Budding Country Music Fan

I have never really listened to much music. I know hymns from church, a few show tunes, and lots of folk songs and Irish fiddle music from my college experience backpacking around the country with the Audubon Society. When I’m working alone, for company I listen to instrumental soundtracks. On long drives I tend to daydream rather than turn on the radio.

But a couple of years ago I began tuning in occasionally to the local country music station. Originally it was simply because my elderly friend Allen talked about so many country songs and of course I’d never heard any. I wanted to understand the appeal. In my mind country music had something to do with big hair and Nashville.
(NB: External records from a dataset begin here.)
Lemma kernel_Rintegral_bounded (P : X -> probability Y R)
    (mP : forall U, measurable U -> measurable_fun [set: X] (fun x => P x U))
    (h : X * Y -> R) c :
  measurable_fun [set: X * Y] h -> (forall z, `|h z| <= c) ->
  measurable_fun [set: X] (fun x => \int[P x]_y h (x, y)) /\
  forall x, `|\int[P x]_y h (x, y)| <= c.
Proof.
move=> mh hc.
have mhx x : measurable_fun [set: Y] (fun y => h (x, y)) by exact: measurable_fun_pair2.
split; last by move=> x; exact: normr_Rintegral_le (mhx x) (fun y => hc (x, y)).
have hc0 z : (0 <= (h z + c)%:E)%E.
  by rewrite lee_fin -lerBlDr sub0r; have := hc z; rewrite ler_norml => /andP[].
have mhc : measurable_fun [set: X * Y] (fun z => (h z + c)%:E).
  exact/measurable_EFinP/measurable_funD.
apply: (eq_measurable_fun (fun x => \int[P x]_y (h (x, y) + c) - c)).
  by move=> x _; rewrite (Rintegral_addr_cst _ _ (mhx x) (fun y => hc (x, y))) addrK.
apply: measurable_funB => //.
exact: measurableT_comp (fine_measurable measurableT)
  (measurable_fun_integral_finite_kernel _ (kernel_of mP) hc0 mhc).
Qed.

End probability_kernel.

Section randomized_MDP.
Context (R : realType) dS dA (S : measurableType dS) (A : measurableType dA)
  (S' : Type) (Rw : S * A -> R) (T : S * A -> probability S R)
  (pi : S' -> probability A R) (r : R).
Hypothesis mRw : measurable_fun [set: S * A] Rw.
Hypothesis mT : forall B : set S, measurable B ->
  measurable_fun [set: S * A] (fun sa => (T sa B : \bar R)).
Hypothesis Rw_le : forall s a, `|Rw (s, a)| <= r.

Local Notation V := (stepV Rw T pi).

Definition measurable_policy (phi : S -> S') : Prop :=
  forall B, measurable B -> measurable_fun [set: S] (fun s => (pi (phi s) B : \bar R)).

Lemma transition_Rintegral_bounded (f : S -> R) :
  measurable_fun [set: S] f -> (forall s, `|f s| <= r) ->
  measurable_fun [set: S * A] (fun sa => \int[T sa]_s' f s') /\
  forall sa, `|\int[T sa]_s' f s'| <= r.
Proof.
move=> mf fr.
exact: (kernel_Rintegral_bounded mT (h := f \o snd))
  (measurableT_comp mf measurable_snd) (fun z => fr z.2).
Qed.

Lemma stepV_bounded phi : measurable_policy phi ->
  forall k, measurable_fun [set: S] (V phi k) /\ forall s, `|V phi k s| <= r.
Proof.
move=> mpi; elim=> [|k [mV Vr]].
  have Rw_le' (z : S * A) : `|Rw z| <= r by case: z.
  exact: (kernel_Rintegral_bounded mpi) mRw Rw_le'.
have [mQ Qr] := transition_Rintegral_bounded mV Vr.
exact: (kernel_Rintegral_bounded mpi) mQ Qr.
Qed.

Lemma stepV_dist_le phi1 phi2 delta :
  measurable_policy phi1 -> measurable_policy phi2 ->
  (forall s, D_TV (pi (phi1 s)) (pi (phi2 s)) <= delta) ->
  forall k s, `|V phi1 k s - V phi2 k s| <= 2 * r * (k.+1%:R * delta).
Proof.
move=> mpi1 mpi2 TV_le k s0.
have [a0 _] := probability_nonempty (pi (phi1 s0)).
have r_ge0 : 0 <= r := le_trans (normr_ge0 _) (Rw_le s0 a0).
have step_le s (f g : A -> R) e :
    measurable_fun [set: A] f -> measurable_fun [set: A] g ->
    (forall a, `|f a| <= r) -> (forall a, `|g a| <= r) -> (forall a, `|f a - g a| <= e) ->
    `|\int[pi (phi1 s)]_a f a - \int[pi (phi2 s)]_a g a| <= 2 * r * delta + e.
  move=> mf mg fr gr fge; apply: le_trans (Rintegral_dist_TV_le _ _ mf mg fr gr fge) _.
  by rewrite lerD2r ler_wpM2l ?mulr_ge0.
elim: k s0 => [|k IH] s.
  have mRs : measurable_fun [set: A] (fun a => Rw (s, a)) by exact: measurable_fun_pair2.
  have := step_le s _ _ 0 mRs mRs (Rw_le s) (Rw_le s).
  by rewrite addr0 mul1r; apply => a; rewrite subrr normr0.
have [mV1 V1r] := stepV_bounded mpi1 k.
have [mV2 V2r] := stepV_bounded mpi2 k.
have [mQ1 Q1r] := transition_Rintegral_bounded mV1 V1r.
have [mQ2 Q2r] := transition_Rintegral_bounded mV2 V2r.
have Q_dist (sa : S * A) :
    `|\int[T sa]_s' V phi1 k s' - \int[T sa]_s' V phi2 k s'| <= 2 * r * (k.+1%:R * delta).
  exact: Rintegral_dist_le mV1 mV2 V1r V2r IH.
have := step_le s _ _ _ (measurable_fun_pair2 s mQ1) (measurable_fun_pair2 s mQ2)
  (fun a => Q1r (s, a)) (fun a => Q2r (s, a)) (fun a => Q_dist (s, a)).
suff -> : 2 * r * (k.+2%:R * delta) = 2 * r * delta + 2 * r * (k.+1%:R * delta) by [].
by rewrite -[k.+2]addn1 natrD; ring.
Qed.

End randomized_MDP.

Lemma sum_succ_mul_exprE (F : comNzRingType) (x : F) n :
  (\sum_(0 <= t < n) t.+1%:R * x ^+ t) * (1 - x) ^+ 2 =
  1 - n.+1%:R * x ^+ n + n%:R * x ^+ n.+1.
Proof.
elim: n => [|n IH]; first by rewrite big_nil; ring.
by rewrite big_nat_recr //= mulrDl IH -!natr1 !exprS; ring.
Qed.

Section discounted_series.
Context (R : realType) (g : R).
Hypothesis g01 : 0 <= g < 1.

Lemma sum_succ_mul_expr_le n : \sum_(0 <= t < n) t.+1%:R * g ^+ t <= ((1 - g) ^+ 2)^-1.
Proof.
have /andP[g0 g1] := g01.
rewrite -[leRHS]mul1r ler_pdivlMr ?exprn_gt0 ?subr_gt0 // sum_succ_mul_exprE.
have : n%:R * g ^+ n.+1 <= n.+1%:R * g ^+ n.
  rewrite exprS mulrA ler_wpM2r ?exprn_ge0 //.
  by apply: le_trans (ler_piMr (ler0n _ n) (ltW g1)) _; rewrite ler_nat.
lra.
Qed.

Lemma cvg_normed_discounted_series (e : nat -> R) c :
  (forall t, `|e t| <= c) -> cvgn [normed series (fun t => g ^+ t * e t)].
Proof.
move=> ec; have /andP[g0 g1] := g01.
apply: (@series_le_cvg _ _ (geometric c g)) => [t|t|t|].
- exact: normr_ge0.
- by rewrite /geometric /= mulr_ge0 ?exprn_ge0 // (le_trans _ (ec 0%N)).
- by rewrite /geometric /= normrM ger0_norm ?exprn_ge0 // mulrC ler_wpM2r ?exprn_ge0.
- by apply: is_cvg_geometric_series; rewrite ger0_norm.
Qed.

Lemma cvg_discounted_series (e : nat -> R) c :
  (forall t, `|e t| <= c) -> cvgn (series (fun t => g ^+ t * e t)).
Proof. by move=> ec; apply: normed_cvg; exact: cvg_normed_discounted_series ec. Qed.

Lemma rseries_sum_dist_le (e1 e2 m : nat -> R) c b k :
  (forall t, `|e1 t| <= c) -> (forall t, `|e2 t| <= c) -> (forall t, `|m t| <= b) ->
  (forall t, `|e1 t - e2 t| <= k * m t) ->
  `|rseries_sum (fun t => g ^+ t * e1 t) - rseries_sum (fun t => g ^+ t * e2 t)|
    <= k * rseries_sum (fun t => g ^+ t * m t).
Proof.
move=> e1c e2c mb e12.
have /andP[g0 _] := g01.
have e12c t : `|e1 t - e2 t| <= c + c := le_trans (ler_normB _ _) (lerD (e1c t) (e2c t)).
have cvg_m := cvg_discounted_series mb.
rewrite /rseries_sum -lim_seriesB; [|exact: cvg_discounted_series e1c|exact: cvg_discounted_series e2c].
have -> : (fun t => g ^+ t * e1 t) - (fun t => g ^+ t * e2 t) = (fun t => g ^+ t * (e1 t - e2 t)).
  by apply/funext => t; rewrite /= mulrBr.
apply: le_trans (lim_series_norm (cvg_normed_discounted_series e12c)) _.
rewrite (_ : k * _ = limn (series (k *: (fun t => g ^+ t * m t)))); last by rewrite lim_seriesZ.
apply: lim_series_le => [| |t]; [exact: cvg_normed_discounted_series e12c|exact: is_cvg_seriesZ|].
rewrite /= normrM ger0_norm ?exprn_ge0 //.
change (g ^+ t * `|e1 t - e2 t| <= k * (g ^+ t * m t)).
by rewrite mulrCA ler_wpM2l ?exprn_ge0.
Qed.

Lemma discounted_min_series_le x : 0 <= x ->
  rseries_sum (fun t => g ^+ t * Num.min 1 (t.+1%:R * x)) <= x / (1 - g) ^+ 2.
Proof.
move=> x0; have /andP[g0 _] := g01.
have min_le t : `|Num.min 1 (t.+1%:R * x)| <= 1.
  by rewrite ger0_norm ?ge_min ?lexx // le_min ler01 mulr_ge0.
apply: limr_le; first exact: cvg_discounted_series min_le.
apply: nearW => n; rewrite /series /=.
apply: (@le_trans _ _ (x * \sum_(0 <= t < n) t.+1%:R * g ^+ t)).
  rewrite big_distrr /=; apply: ler_sum => t _.
  rewrite (_ : x * _ = g ^+ t * (t.+1%:R * x)); last by ring.
  by rewrite ler_wpM2l ?exprn_ge0 // ge_min lexx orbT.
by rewrite ler_wpM2l // sum_succ_mul_expr_le.
Qed.

End discounted_series.

Theorem proposition1 (R : realType) (dS dA : measure_display)
  (S : measurableType dS) (A : measurableType dA) (S' : Type)
  (dist : S' -> S' -> R)
  (Rw : S * A -> R) (T : S * A -> probability S R) (gamma : R)
  (mu : probability S R) (Phi : set (S -> S')) (pi : S' -> probability A R)
  (K_pi r_max : R) :
  (* discount factor *)
  0 <= gamma < 1 ->
  (* measurability (standing assumptions of a measurable MDP) *)
  measurable_fun [set: S * A] Rw ->
  (forall B : set S, measurable B -> measurable_fun [set: S * A] (fun sa : S * A => (T sa B : \bar R))) ->
  (forall phi, Phi phi -> forall B : set A, measurable B ->
     measurable_fun [set: S] (fun s : S => (pi (phi s) B : \bar R))) ->
  (* bounded rewards *)
  (forall s a, `|Rw (s, a)| <= r_max) ->
  (* pi is K_pi-Lipschitz over Phi *)
  0 <= K_pi ->
  (forall phi1 phi2, Phi phi1 -> Phi phi2 -> forall s : S,
     D_TV (pi (phi1 s)) (pi (phi2 s)) <= K_pi * dist (phi1 s) (phi2 s)) ->
  forall phi1 phi2, Phi phi1 -> Phi phi2 ->
  (* ||phi1 - phi2||_oo is finite *)
  has_ubound [set dist (phi1 s) (phi2 s) | s in [set: S]] ->
  let D := sup_dist dist phi1 phi2 in
  let bound := 2 * r_max *
     rseries_sum (fun t => gamma ^+ t * Num.min 1 (t.+1%:R * K_pi * D)) in
  `|disc_return Rw T pi mu gamma phi1 - disc_return Rw T pi mu gamma phi2| <= bound /\
  bound <= 2 * r_max * K_pi / (1 - gamma) ^+ 2 * D.
Proof.
move=> g01 mRw mT mpi Rw_le K_ge0 Lip phi1 phi2 Phi1 Phi2 D_ub D bound.
have [s0 _] := probability_nonempty mu.
have [a0 _] := probability_nonempty (pi (phi1 s0)).
have r_ge0 : 0 <= r_max := le_trans (normr_ge0 _) (Rw_le s0 a0).
have TV_le s : D_TV (pi (phi1 s)) (pi (phi2 s)) <= K_pi * D.
  apply: le_trans (Lip _ _ Phi1 Phi2 s) _; rewrite ler_wpM2l //.
  by rewrite /D /sup_dist; apply: (ub_le_sup D_ub); exists s.
have KD_ge0 : 0 <= K_pi * D := le_trans (D_TV_ge0 _ _) (TV_le s0).
have V_le phi (Phi_phi : Phi phi) t := stepV_bounded mRw mT Rw_le (mpi _ Phi_phi) t.
have e_le phi : Phi phi -> forall t, `|exp_reward Rw T pi mu phi t| <= r_max.
  by move=> Phi_phi t; have [mV Vr] := V_le _ Phi_phi t; exact: normr_Rintegral_le mV Vr.
have min_le t : `|Num.min 1 (t.+1%:R * K_pi * D)| <= 1.
  by rewrite ger0_norm ?ge_min ?lexx // le_min ler01 -mulrA mulr_ge0.
split; rewrite /bound.
  apply: (rseries_sum_dist_le g01 (e_le _ Phi1) (e_le _ Phi2) min_le) => t.
  have [[mV1 V1r] [mV2 V2r]] := (V_le _ Phi1 t, V_le _ Phi2 t).
  have := stepV_dist_le mRw mT Rw_le (mpi _ Phi1) (mpi _ Phi2) TV_le t.
  move=> /(Rintegral_dist_le mu mV1 mV2 V1r V2r); rewrite (mulrA t.+1%:R) => dist_le.
  rewrite /exp_reward minr_pMr ?mulr_ge0 // mulr1 le_min dist_le andbT.
  by apply: le_trans (ler_normB _ _) _; have := e_le _ Phi1 t; have := e_le _ Phi2 t; lra.
have -> : (fun t => gamma ^+ t * Num.min 1 (t.+1%:R * K_pi * D)) =
          (fun t => gamma ^+ t * Num.min 1 (t.+1%:R * (K_pi * D))).
  by apply/funext => t; rewrite mulrA.
apply: le_trans (ler_wpM2l _ (discounted_min_series_le g01 KD_ge0)) _; first exact: mulr_ge0.
by rewrite !mulrA mulrAC.
Qed.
When I was driving Jon’s carpool, he and I listened to the country station together and Jon observed, “All the songs tell a story.” He liked them. On a recent trip to Vermont, Lucy said, “It seems like all the songs are about trucks, tractors, and beer. Oh, and love!”

I certainly don’t pretend to know country music but in my limited exposure it seems to me that country is a direct descendant of traditional folk songs: these are the songs of working people.

The other day, driving home with my groceries, I heard the song Cost of Livin’ by Ronnie Dunn.

Everything to know about me
Is written on this page
The number you can reach me,
My social and my age.

Yes, I served in the army
It’s where I learned to shoot
Eighteen months in the desert
Pourin’ sand out of my boots

No I’ve never been convicted of a crime
I could start this job at any time.

I got a strong back,
Steel toes,
I rarely call in sick.
A good truck,
What I don’t know
I catch on real quick.
I work weekends
If I have to,
Nights and holidays,
Give you 40
And then some —
Whatever it takes.
Four dollars and change at the pump
Cost of livin’s high … and goin’ up.

I put Robert down as a reference
He’s known me all my life
We attend the same church
He introduced me to my wife.

I gave my last job everything
Before it headed south
Took the shoes off of my children’s feet,
The food out of their mouths.
Yesterday my folks offered to help
But they’re barely getting by themselves

I got a strong back,
Steel toes,
I rarely call in sick.
A good truck,
What I don’t know
I catch on real quick.
I work weekends
If I have to,
Nights and holidays,
Give you 40
And then some —
Whatever it takes.
Four dollars and change at the pump
Cost of livin’s high … and goin’ up.

I’m sure a hundred others have applied
Rumor has it you’re only takin’ five

I got a strong back,
Steel toes,
I’m handy with a wrench.
There’s nothing I can’t drive,
Nothing I can’t fix.
I work sun-up to sun-down
Ain’t too proud to sweep the floors
Bank has started calling
And the wolves are at my door
Four dollars and change at the pump
Cost of livin’s high … and goin’ up.

For the last few years I’ve spent most of my time working with men in steel-toed boots, who can drive anything and fix everything, and for whom I have tremendous respect and affection. I’ve listened to their stories of military service, second jobs, and struggles to make ends meet. At the same time I have been aware of their unfailing kindness to me.

This song gave me a choky feeling in my throat. I think Woody Guthrie could have written it. I hope Pete Seeger has heard it.